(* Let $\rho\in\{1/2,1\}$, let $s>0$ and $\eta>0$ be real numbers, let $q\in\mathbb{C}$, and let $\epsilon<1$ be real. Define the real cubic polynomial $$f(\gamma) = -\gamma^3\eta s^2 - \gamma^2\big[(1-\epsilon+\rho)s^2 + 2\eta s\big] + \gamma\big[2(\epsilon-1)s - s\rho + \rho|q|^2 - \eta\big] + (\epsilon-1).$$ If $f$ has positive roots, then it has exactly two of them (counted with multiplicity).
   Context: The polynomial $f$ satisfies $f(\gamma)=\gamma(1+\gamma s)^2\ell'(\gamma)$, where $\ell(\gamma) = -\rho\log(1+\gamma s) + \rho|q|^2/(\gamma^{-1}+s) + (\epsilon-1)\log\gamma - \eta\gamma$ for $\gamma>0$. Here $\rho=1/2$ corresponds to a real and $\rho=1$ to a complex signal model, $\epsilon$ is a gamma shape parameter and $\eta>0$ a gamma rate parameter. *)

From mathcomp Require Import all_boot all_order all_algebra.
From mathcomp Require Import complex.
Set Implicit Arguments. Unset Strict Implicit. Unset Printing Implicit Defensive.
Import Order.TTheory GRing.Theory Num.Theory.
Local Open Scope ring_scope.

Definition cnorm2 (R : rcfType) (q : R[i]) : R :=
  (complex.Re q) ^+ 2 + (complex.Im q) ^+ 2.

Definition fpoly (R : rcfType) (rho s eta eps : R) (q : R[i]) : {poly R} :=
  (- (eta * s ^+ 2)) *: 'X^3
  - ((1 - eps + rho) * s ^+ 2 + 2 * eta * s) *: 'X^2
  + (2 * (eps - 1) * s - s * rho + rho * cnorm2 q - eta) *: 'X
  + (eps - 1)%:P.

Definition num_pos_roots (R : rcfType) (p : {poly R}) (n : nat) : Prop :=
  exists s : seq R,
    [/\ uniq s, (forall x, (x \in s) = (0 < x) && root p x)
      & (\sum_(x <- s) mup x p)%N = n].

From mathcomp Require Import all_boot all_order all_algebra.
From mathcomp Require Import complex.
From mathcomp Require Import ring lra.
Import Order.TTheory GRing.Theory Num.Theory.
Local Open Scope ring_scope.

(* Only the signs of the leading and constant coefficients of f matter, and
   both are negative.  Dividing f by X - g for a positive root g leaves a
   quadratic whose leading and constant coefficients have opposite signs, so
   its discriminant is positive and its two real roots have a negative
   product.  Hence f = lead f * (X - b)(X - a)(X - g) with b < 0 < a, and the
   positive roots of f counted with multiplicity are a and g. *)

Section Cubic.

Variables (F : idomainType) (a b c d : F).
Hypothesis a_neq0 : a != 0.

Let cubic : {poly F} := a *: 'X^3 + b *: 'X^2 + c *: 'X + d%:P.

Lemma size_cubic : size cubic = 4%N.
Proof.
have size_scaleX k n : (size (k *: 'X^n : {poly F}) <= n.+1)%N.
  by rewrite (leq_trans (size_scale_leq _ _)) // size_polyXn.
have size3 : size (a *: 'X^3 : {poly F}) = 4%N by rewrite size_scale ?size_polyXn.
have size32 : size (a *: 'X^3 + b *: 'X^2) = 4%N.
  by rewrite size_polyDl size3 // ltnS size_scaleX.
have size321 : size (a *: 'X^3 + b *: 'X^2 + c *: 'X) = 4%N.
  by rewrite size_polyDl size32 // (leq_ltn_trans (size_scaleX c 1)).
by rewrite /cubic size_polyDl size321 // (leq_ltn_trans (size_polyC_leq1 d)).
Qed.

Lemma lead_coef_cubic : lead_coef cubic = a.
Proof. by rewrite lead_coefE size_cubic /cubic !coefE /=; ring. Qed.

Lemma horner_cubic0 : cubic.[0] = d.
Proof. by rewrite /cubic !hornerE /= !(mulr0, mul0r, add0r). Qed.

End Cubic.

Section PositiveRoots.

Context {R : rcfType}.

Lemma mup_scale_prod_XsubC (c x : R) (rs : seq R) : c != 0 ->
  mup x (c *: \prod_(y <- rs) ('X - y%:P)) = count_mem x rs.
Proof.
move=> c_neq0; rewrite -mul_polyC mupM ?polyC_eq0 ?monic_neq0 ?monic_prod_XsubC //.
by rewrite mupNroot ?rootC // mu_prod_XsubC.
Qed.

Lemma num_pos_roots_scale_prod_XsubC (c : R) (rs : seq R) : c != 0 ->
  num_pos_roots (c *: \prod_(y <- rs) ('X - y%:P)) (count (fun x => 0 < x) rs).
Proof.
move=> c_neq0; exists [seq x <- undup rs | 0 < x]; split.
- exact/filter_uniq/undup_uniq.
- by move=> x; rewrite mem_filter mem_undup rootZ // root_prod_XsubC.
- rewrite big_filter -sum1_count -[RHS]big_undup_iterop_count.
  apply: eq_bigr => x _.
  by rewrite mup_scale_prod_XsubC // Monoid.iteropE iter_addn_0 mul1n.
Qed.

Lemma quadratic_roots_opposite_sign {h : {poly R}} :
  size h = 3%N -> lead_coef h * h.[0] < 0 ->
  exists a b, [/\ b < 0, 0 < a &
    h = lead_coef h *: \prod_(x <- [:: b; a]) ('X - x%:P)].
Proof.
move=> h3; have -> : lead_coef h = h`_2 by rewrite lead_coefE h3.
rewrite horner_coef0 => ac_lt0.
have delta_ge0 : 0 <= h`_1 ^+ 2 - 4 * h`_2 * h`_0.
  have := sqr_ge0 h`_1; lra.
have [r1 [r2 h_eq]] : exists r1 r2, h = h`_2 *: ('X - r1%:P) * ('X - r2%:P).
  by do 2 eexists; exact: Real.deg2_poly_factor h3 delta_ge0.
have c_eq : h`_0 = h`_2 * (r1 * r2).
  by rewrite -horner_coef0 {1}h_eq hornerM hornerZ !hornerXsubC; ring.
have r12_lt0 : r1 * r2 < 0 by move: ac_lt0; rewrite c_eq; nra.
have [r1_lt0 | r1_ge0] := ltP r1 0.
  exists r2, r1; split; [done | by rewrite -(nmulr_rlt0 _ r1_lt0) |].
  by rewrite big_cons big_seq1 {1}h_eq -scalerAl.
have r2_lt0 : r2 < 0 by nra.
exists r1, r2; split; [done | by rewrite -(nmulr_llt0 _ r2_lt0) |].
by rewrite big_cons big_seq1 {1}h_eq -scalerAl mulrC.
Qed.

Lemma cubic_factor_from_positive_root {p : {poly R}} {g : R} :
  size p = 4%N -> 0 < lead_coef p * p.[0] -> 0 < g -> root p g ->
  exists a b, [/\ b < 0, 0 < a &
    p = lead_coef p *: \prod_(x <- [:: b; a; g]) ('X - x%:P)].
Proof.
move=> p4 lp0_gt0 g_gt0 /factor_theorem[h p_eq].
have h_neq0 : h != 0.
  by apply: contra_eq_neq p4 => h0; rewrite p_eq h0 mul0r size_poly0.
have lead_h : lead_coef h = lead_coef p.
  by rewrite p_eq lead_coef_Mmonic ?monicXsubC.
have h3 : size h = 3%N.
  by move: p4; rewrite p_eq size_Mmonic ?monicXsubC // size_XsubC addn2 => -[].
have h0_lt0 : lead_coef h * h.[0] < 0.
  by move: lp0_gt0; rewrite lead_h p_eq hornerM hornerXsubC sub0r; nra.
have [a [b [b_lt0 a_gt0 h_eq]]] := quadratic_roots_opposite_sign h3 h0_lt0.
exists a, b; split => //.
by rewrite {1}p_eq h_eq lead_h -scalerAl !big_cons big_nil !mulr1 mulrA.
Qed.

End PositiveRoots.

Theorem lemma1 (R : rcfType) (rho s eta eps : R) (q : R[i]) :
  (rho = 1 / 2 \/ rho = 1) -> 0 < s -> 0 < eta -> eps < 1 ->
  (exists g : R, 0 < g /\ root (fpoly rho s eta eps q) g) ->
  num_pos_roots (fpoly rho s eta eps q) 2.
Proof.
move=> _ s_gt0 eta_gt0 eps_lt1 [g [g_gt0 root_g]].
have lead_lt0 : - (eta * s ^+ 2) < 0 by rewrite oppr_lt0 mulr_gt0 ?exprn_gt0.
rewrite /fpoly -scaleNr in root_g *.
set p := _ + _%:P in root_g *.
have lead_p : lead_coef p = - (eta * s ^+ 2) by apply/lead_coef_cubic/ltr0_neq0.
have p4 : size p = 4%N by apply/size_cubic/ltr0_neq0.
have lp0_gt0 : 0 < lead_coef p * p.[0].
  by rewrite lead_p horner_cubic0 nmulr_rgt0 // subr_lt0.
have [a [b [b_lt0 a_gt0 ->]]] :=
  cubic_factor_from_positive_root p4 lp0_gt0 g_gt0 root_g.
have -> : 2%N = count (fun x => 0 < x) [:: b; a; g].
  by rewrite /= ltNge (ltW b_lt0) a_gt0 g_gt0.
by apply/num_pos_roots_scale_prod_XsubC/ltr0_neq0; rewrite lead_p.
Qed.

========================================================================

ABOUT THIS TASK: Lines that contain "scalerAl" are to be copied from the records above.

ANSWER SECTION:
  by rewrite big_cons big_seq1 {1}h_eq -scalerAl.
by rewrite big_cons big_seq1 {1}h_eq -scalerAl mulrC.
by rewrite {1}p_eq h_eq lead_h -scalerAl !big_cons big_nil !mulr1 mulrA.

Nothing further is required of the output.